DATASET RECORDS:
Lemma form_definite (c : 'I_r -> int) (x := \sum_(i | simple i) c i *: alphav i) :
  B x x = 0 -> forall i, simple i -> c i = 0.
Proof.
move=> /eqP; rewrite psumr_eq0 => [/allP x_perp|j _]; last by rewrite -expr2 sqr_ge0.
have phix0 : phi alpha x = 0.
  rewrite /phi big1 // => j _; move: (x_perp j (mem_index_enum j)).
  by rewrite implyTb mulf_eq0 orbb => /eqP ->; rewrite scale0r.
have : 2 *: phi alpha x = \sum_(i | simple i) (c i * cnorm i) *: alpha i.
  rewrite /x phi_sum scaler_sumr; apply: eq_bigr => i _.
  by rewrite phiZ scalerA [2 * _]mulrC -[(c i * 2) *: _]scalerA phi_coroot scalerA.
rewrite phix0 scaler0 => /esym /simple_indep c_cnorm0 i si.
by have /eqP := c_cnorm0 i si; rewrite mulf_eq0 (gt_eqF (cnorm_gt0 i)) orbF => /eqP.
Qed.

Lemma scale_inj (c : int) x y : c != 0 -> c *: x = c *: y -> x = y.
Proof.
move=> c0 /rowP E; apply/rowP => k; have := E k; rewrite !mxE.
exact: mulfI.
Qed.

Lemma proportional_roots k m (a b : int) :
  0 < a -> 0 < b -> a *: alpha m = b *: alpha k -> m = k.
Proof.
move=> a_gt0 b_gt0 E.
have E1 : a * 2 = b * pair (alpha k) (alphav m).
  by have := congr1 (fun v => pair v (alphav m)) E; rewrite /= !pairZl pair_root_coroot.
have E2 : a * pair (alpha m) (alphav k) = b * 2.
  by have := congr1 (fun v => pair v (alphav k)) E; rewrite /= !pairZl pair_root_coroot.
set t := pair (alpha k) (alphav m) in E1; set s := pair (alpha m) (alphav k) in E2.
have ab_neq0 : a * b != 0 by rewrite mulf_neq0 ?lt0r_neq0.
have ts4 : t * s = 4 by apply: (mulIf ab_neq0); nia.
have t_gt0 : 0 < t by nia.
have s_gt0 : 0 < s by move: ts4; rewrite -(pmulr_rgt0 _ t_gt0) => ->.
have : t = 2 \/ t = 1 \/ t = 4.
  have : t <= 4 by nia.
  have : t != 3 by apply/eqP => t3; move: ts4; rewrite t3; lia.
  lia.
case=> [t2|[t1|t4]]; [have ab : a = b | have a2 : a * 2 = b | have b2 : a = b * 2];
  try by move: E1; rewrite ?t1 ?t2 ?t4; lia.
- by apply: alpha_inj; apply: (scale_inj (lt0r_neq0 a_gt0)); rewrite E ab.
- have : alpha m = 2 *: alpha k.
    by apply: (scale_inj (lt0r_neq0 a_gt0)); rewrite E -a2 scalerA mulrC.
  by case/root_reduced.
- have : alpha k = 2 *: alpha m.
    by apply: (scale_inj (lt0r_neq0 b_gt0)); rewrite -E b2 scalerA mulrC.
  by case/root_reduced.
Qed.

Lemma coroot_rperm i j : alphav (rperm i j) = sv i (alphav j).
Proof.
have [m Em] := reflv_coroot i j; rewrite -Em; congr alphav.
apply: (proportional_roots (cnorm_gt0 j) (cnorm_gt0 m)).
have := congr1 (sc i) (phi_coroot j).
by rewrite !linearZ /= -phi_reflv -Em phi_coroot rpermE => ->.
Qed.

Definition poscomb x := exists c : 'I_r -> int,
  x = \sum_(i | simple i) c i *: alpha i /\ (forall i, simple i -> 0 <= c i).

Lemma root_sign j : poscomb (alpha j) \/ poscomb (- alpha j).
Proof.
case: hB => _ /(_ j) [c [Ej [c_ge0|c_le0]]]; [by left; exists c | right].
exists (fun i => - c i); split; last by move=> i /c_le0; rewrite oppr_ge0.
by rewrite Ej -sumrN; apply: eq_bigr => i _; rewrite scaleNr.
Qed.
Lemma idem_kill i j (x : G) : j != i -> x *+ Ns j = 0 -> x *+ e i = 0.
Proof. by move=> ji xN; rewrite (mulrn_modn _ xN); move/eqP: (dvdn_idem hcop ji) => ->. Qed.

Lemma sum_idem (x : G) : \sum_(i < s) x *+ e i = x.
Proof. by rewrite sumrMnr (mulrn_modn _ (torN x)) sum_idem_mod // -(mulrn_modn 1 (torN x)). Qed.

Variable Gs : 'I_s -> zmodType.
Local Unset Implicit Arguments.
Variables (ps : forall i, Gs i -> R) (Phi : forall i, G -> Gs i) (Psi : forall i, Gs i -> G).
Hypothesis iso : forall i, isometric_iso_on (fun x => x *+ Ns i = 0) p (ps i) (Phi i) (Psi i).
Local Set Implicit Arguments.

Let proj (x : G) : forall i, Gs i := fun i => Phi i (x *+ e i).
Let glue (z : forall i, Gs i) : G := \sum_(i < s) Psi i (z i).

Lemma projB x y i : proj y i - proj x i = Phi i ((y - x) *+ e i).
Proof.
have [Phi_add _ _ _ _] := iso i.
by rewrite /proj mulrnBl (additiveB (subgroup_torsion _ _) Phi_add) ?idem_torsion.
Qed.

Lemma proj_continuous x eps : 0 < eps -> exists2 d : R, 0 < d &
  forall y, p (y - x) < d -> forall i, ps i (proj y i - proj x i) < eps.
Proof.
move=> eps_gt0; pose E : R := (\sum_(i < s) e i)%N%:R.
have E_gt0 : 0 < E + 1 by rewrite ltr_wpDl.
exists (eps / (E + 1)) => [|y yx i]; first exact: divr_gt0.
have [_ Phi_iso _ _ _] := iso i.
have eE : (e i)%:R <= E by rewrite ler_nat (bigD1 i) //= leq_addr.
rewrite projB Phi_iso ?idem_torsion //; apply: le_lt_trans (value_mulrn hp _ _) _.
have := value_ge0 hp (y - x); have : eps / (E + 1) * (E + 1) = eps by rewrite divfK ?gt_eqF.
have := ler0n R (e i); nra.
Qed.

Lemma glueB y z : glue z - glue y = \sum_(i < s) Psi i (z i - y i).
Proof.
rewrite /glue -sumrB; apply: eq_bigr => i _.
by rewrite (additiveB (S := fun _ => True) _ (iso_on_inv_add (subgroup_torsion _ _) hp (iso i))).
Qed.

Lemma glue_continuous y eps : 0 < eps -> exists2 d : R, 0 < d &
  forall z, (forall i, ps i (z i - y i) < d) -> p (glue z - glue y) < eps.
Proof.
move=> eps_gt0; have s1_gt0 : 0 < s%:R + 1 :> R by rewrite ltr_wpDl.
exists (eps / (s%:R + 1)) => [|z zy]; first exact: divr_gt0.
rewrite glueB; apply: le_lt_trans (value_sum hp _ _) _.
under eq_bigr => i _ do rewrite (iso_on_inv_value (iso i)).
apply: le_lt_trans (_ : \sum_(i < s) eps / (s%:R + 1) < eps).
  by apply: ler_sum => i _; apply: ltW.
rewrite sumr_const card_ord -[_ *+ s]mulr_natr.
have : eps / (s%:R + 1) * (s%:R + 1) = eps by rewrite divfK ?gt_eqF.
have := divr_gt0 eps_gt0 s1_gt0; have := ler0n R s; nra.
Qed.

Lemma top_group_iso_of_torsion : top_group_iso p ps.
Proof.
exists proj, glue; split.
- move=> x y i; have [Phi_add _ _ _ _] := iso i.
  by rewrite /proj mulrnDl Phi_add ?idem_torsion.
- move=> x; rewrite /glue /proj -[RHS]sum_idem; apply: eq_bigr => i _.
  by have [_ _ _ PsiK _] := iso i; rewrite PsiK ?idem_torsion.
- move=> z; apply: functional_extensionality_dep => i.
  rewrite /proj /glue -sumrMnl (bigD1 i) //= big1 => [|j ji]; last first.
    by have [_ _ Psi_tor _ _] := iso j; apply: (idem_kill ji).
  by have [_ _ Psi_tor _ PhiK] := iso i; rewrite addr0 idem_id.
- exact: proj_continuous.
- exact: glue_continuous.
Qed.

End TorsionDecomposition.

GOAL OF THE EXERCISE: Given the records above, return exactly the lines starting at the line containing "under eq_bigr =>" and ending at the line containing "rewrite sumr_const card_ord", including both.

RESPONSE FOR THIS EXERCISE:
under eq_bigr => i _ do rewrite (iso_on_inv_value (iso i)).
apply: le_lt_trans (_ : \sum_(i < s) eps / (s%:R + 1) < eps).
  by apply: ler_sum => i _; apply: ltW.
rewrite sumr_const card_ord -[_ *+ s]mulr_natr.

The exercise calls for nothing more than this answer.